#### Task description
Each line of the data that mentions the string "From" needs to be identified and copied.

Dataset entries:
(* There exists an absolute constant $c>0$ such that for all sufficiently large $T$ and every online policy $\texttt{ALG}$ (possibly randomized, and possibly using signaling schemes with arbitrary finite signal spaces), there is a problem instance with only $m=2$ states (a prior $\lambda$ and a user utility function $\rho$ satisfying the standing assumptions) on which $\mathrm{Reg}(\texttt{ALG})\ge c\log\log T$. That is, no online policy achieves expected regret better than $\Omega(\log\log T)$, even for instances with binary state.
   Context: Model. There is a finite state space $[m]$ and a prior $\lambda\in\Delta([m])$ known to everyone. Users have action set $\{0,1\}$ and a common utility function $\rho:[m]\times\{0,1\}\to\mathbb{R}$ unknown to the platform. Define $\omega(i)=(\rho(i,1)-\rho(i,0))\lambda(i)$. Standing assumptions: some state has $\omega(i)>0$, and $\sum_i\omega(i)<0$. In each of $T$ rounds: the platform commits to a finite signal space $\Sigma_t$ and a signaling scheme $\pi_t:[m]\to\Delta(\Sigma_t)$; a state $\theta_t\sim\lambda$ is drawn independently and a signal $\sigma_t\sim\pi_t(\theta_t,\cdot)$; user $t$ forms the Bayesian posterior given $\lambda,\pi_t,\sigma_t$ and takes an action $a_t$ maximizing her posterior expected utility; the platform obtains utility $a_t$. An online policy chooses $(\Sigma_t,\pi_t)$ in each round, possibly at random, as a function of the history of past observations (signals, user actions) and internal randomness. $U(\pi)$ is the platform's expected one-round utility under $\pi$. Let $\pi^*$ be an optimal solution of $\max_{\pi\in[0,1]^m}\sum_i\lambda(i)\pi(i)$ s.t. $\sum_i\omega(i)\pi(i)\ge0$ (as a direct scheme recommending action 1 in state $i$ w.p. $\pi(i)$), the optimal scheme in hindsight. The regret is $\mathrm{Reg}(\texttt{ALG})=T\,U(\pi^* )-\mathbb{E}[\sum_t U(\pi_t)]$. *)

From HB Require Import structures.
From mathcomp Require Import all_boot all_order all_algebra.
From mathcomp Require Import all_classical all_reals all_analysis.
Unset Printing Implicit Defensive.
Import Order.TTheory GRing.Theory Num.Theory.
Local Open Scope ring_scope.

#### Answer section
From HB Require Import structures.
From mathcomp Require Import all_boot all_order all_algebra.
From mathcomp Require Import all_classical all_reals all_analysis.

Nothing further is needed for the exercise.